Past 5 Years (per annum)
Next 5 Years (per annum)
Price/Earnings (avg. for comparison categories)
PEG Ratio (avg. for comparison categories)
Source: Table and data from Yahoo Finance
Analysts on a consensus basis have a five-year average growth rate forecast of 7.06% (based on the above table).
Source: Table and data from Yahoo Finance
The average surprise percentage is 21% above analyst forecast earnings over the past four quarters (based on the above table).
Forecast and History
The EPS figure shows that throughout the 2003-2007 period, the company was able to grow earnings. The decline in earnings between 2003 and 2004 came as a result of a one-time drop in provisions for credit losses worth $3 billion in 2003. This drop in credit losses inflated earnings for 2003. Throughout 2007-2009 earnings contracted. The contraction in earnings was due to the great recession, but following the recession the company was able to grow earnings.
Source: Table created by Alex Cho, data from shareholder annual report
By observing the chart we can conclude that the business is cyclical and is affected by macroeconomics. Therefore the largest risk factor to JPMorgan Chase is the slowing of international gross domestic product growth. So as long as the United States economy continues to grow, the company will generate reasonable returns over a five-year time span based on the forecast below.

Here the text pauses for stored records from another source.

Lemma gstar_term_phase k k' : gstar k k' -> term_phase k.1.2 ->
  term_phase k'.1.2 /\ exists B, k'.1.1 = k.1.1 ++ map inr B.
Proof.
elim=> [_ _ [wr N its N' os rd rule]|k0|k1 k2 k3 _ IH1 _ IH2].
- case: rule => [|a b z c _|a b z c i t _ _ _|a b z c t _ _|b|b|f _] //= _.
  + by split=> //; exists t.
  + by split=> //; exists [::].
  + by split=> //; exists [::].
- by split=> //; exists [::]; rewrite cats0.
- move=> /IH1[/IH2[ph3 [B2 E2]] [B1 E1]]; split=> //.
  by exists (B1 ++ B2); rewrite E2 E1 map_cat catA.
Qed.

Lemma gstar_final_read wr b rd A' B' A B : gstar (wr, Nterm b, rd) (gfinal A B) ->
  wr = map inl A' ++ map inr B' -> size rd <= size A'.
Proof.
move=> fin Ewr; have [_ [B'' /= E]] := gstar_term_phase fin erefl.
have [_ [v [_ /= EA]]] := gstar_grow fin.
rewrite Ewr -catA -map_cat in E; have [<- _] := map_inl_inr_inj E.
by rewrite EA size_cat leq_addr.
Qed.

Lemma gstar_final_written wr its N' rd o A B :
  gstar (wr ++ its, N', rd ++ [:: o]) (gfinal A B) -> size (rd ++ [:: o]) <= size wr ->
  exists u, map tape_sym wr = rd ++ o :: u.
Proof.
case/gstar_grow=> u [v [/= Ewr EA]] le_rd_wr.
have := congr1 (map tape_sym) Ewr; rewrite !map_cat tape_inl EA -!catA catA => E.
have [|u' ->] := cat_prefix E; first by rewrite size_map.
by exists u'; rewrite -catA.
Qed.

Lemma sound_step k k' A B :
  greach k -> gstep k k' -> gstar k' (gfinal A B) -> sound k -> sound k'.
Proof.
move=> reach_k st; case: st reach_k => wr N its N' os rd rule /greach_shape + fin.
case: rule fin => [|a b z c Rr|a b z c i t Rr _ Et|a b z c t Rr Et|b|b|f Df] fin /=.
- by case=> -> -> _; exact: rt_refl.
- case=> A' [Ewr lt_rdA'] reach.
  have [|u Eu] := gstar_final_written fin; first by rewrite Ewr size_cat size_map addn1.
  apply: qreach_read Eu Rr _ reach.
  by rewrite tape_inl -cats1 pmap_cat pmap_id_Some cats0.
- case=> A' [Ewr lt_rdA'] reach.
  have [|u Eu] := gstar_final_written fin; first by rewrite Ewr size_cat size_map addn1.
  apply: qreach_read Eu Rr _ reach.
  by rewrite map_cat tape_inl tape_inr pmap_cat !pmap_id_Some Et cat_take_drop.
- case=> A' [B' Ewr] reach.
  have le_rdA' : size (rd ++ [:: Some a]) <= size A'.
    by apply: (gstar_final_read (B' := B' ++ t) fin); rewrite Ewr map_cat catA.
  have [|u Eu] := gstar_final_written fin.
    by apply: leq_trans le_rdA' _; rewrite Ewr size_cat size_map leq_addr.
  apply: qreach_read Eu Rr _ reach.
  by rewrite tape_inr pmap_id_Some Et.
- case=> A' [Ewr lt_rdA'] reach.
  have [|u Eu] := gstar_final_written fin; first by rewrite Ewr size_cat size_map addn1.
  by rewrite (qconf_of_mark _ Eu).
- case=> A' [B' Ewr] reach.
  have le_rdA' : size (rd ++ [:: None]) <= size A'.
    by apply: (gstar_final_read (B' := B') fin); rewrite Ewr cats0.
  have [|u Eu] := gstar_final_written fin.
    by apply: leq_trans le_rdA' _; rewrite Ewr size_cat size_map leq_addr.
  by rewrite (qconf_of_mark _ Eu).
- by move=> _ reach; exists f; rewrite ?cats0.
Qed.

Lemma greach_sound k A B : greach k -> gstar k (gfinal A B) -> sound k.
Proof.
move/clos_rt_rtn1_iff; elim=> [_|k1 k2 st reach_k1 IH fin] //.
have greach_k1 : greach k1 by apply/clos_rt_rtn1_iff.
have fin1 : gstar k1 (gfinal A B) by apply: rt_trans fin; exact: rt_step.
exact: sound_step greach_k1 st fin (IH fin1).
Qed.

Lemma enc_inl A : flatten (map enc (map inl A)) = map bit (ucodes A).
Proof. by elim: A => //= o A ->; rewrite /ucodes /= map_cat. Qed.

Lemma enc_inr B : flatten (map enc (map inr B)) = map inl B.
Proof. by elim: B => //= t B ->. Qed.

Lemma sform_final A B rd : sform (map inl A ++ map inr B, Nhash, rd) =
  map bit (ucodes A) ++ map inl B ++ hash :: map bit (rev (ucodes rd)).
Proof. by rewrite /= map_cat flatten_cat enc_inl enc_inr map_rev -catA. Qed.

Source: Forecast and table by Alex Cho
By 2018 I anticipate the company to generate $8.00 in earnings per share. This is because of foreign investment, cost management, growth in core businesses and improving global outlook.
The forecast is proprietary, and below is a non-linear chart indicating the price of the stock over the next five years.
Source: Forecast and chart by Alex Cho
Below is a price chart incorporating the past 10 years and the next six years. Detailing 16 years in pricing based on my forecast and price history on December 31, of each year.
JPM currently trades at $45.36. I have a price forecast of $70.62 for December 31st 2013. Generally undervalued stock will experience sudden rallies due to arbitage opportunities in its intrinsic value and historical value. I factored that into my price forecast, making it an important component behind the sudden jump in stock valuation despite the gradual improvement in anticipated earnings.
Over the next twelve months, the stock is likely to appreciate from $45.36 to $70.62 per share. This implies 55% upside from current levels. The stock is in an up-trend, which further supports my investment thesis.
Investors should buy JPM at $45.36 and sell at $70.62 in order to pocket short-term gains of 55% in 2013.
The company is a decent investment for the long-term. I anticipate JPM to deliver upon the price and earnings forecast despite the risk factors (competition, regulation, economic environment). JPM's primary upside catalyst is international expansion, growth, and managing costs. I anticipate the company to deliver upon my forecasted price target of $106.39 by 2018. This implies a return of 135% by 2018. This is a phenomenal return for a Dow Jones stock.
A higher-yielding investment opportunity, albeit having higher risk, is to buy the Jan 17, 2015 calls at the $50.00 strike. The call premiums trade at $3.60. The price forecast for the end of 2014 is $76.65. The rate of return if the calls expire at $76.65 is 640%, the option will break-even when the stock trades at $53.60.
The call premiums are cheap because investors who are short JPM calls do not anticipate the stock to break out into new all-time highs, and that regulatory risk will keep the premium on growth muted. I don't anticipate this to happen, and the risk-to-reward ratio on the option strategy remains high.
JPM has a market capitalization of $172.4 billion; the added liquidity makes this an investment opportunity appropriate for larger institutions that require added liquidity.
Investors should remain optimistic on JPMorgan Chase because of growth, and return to historic valuations. With excellent management behind the company, your money is in good hands.
The conclusion remains simple: buy JPMorgan Chase.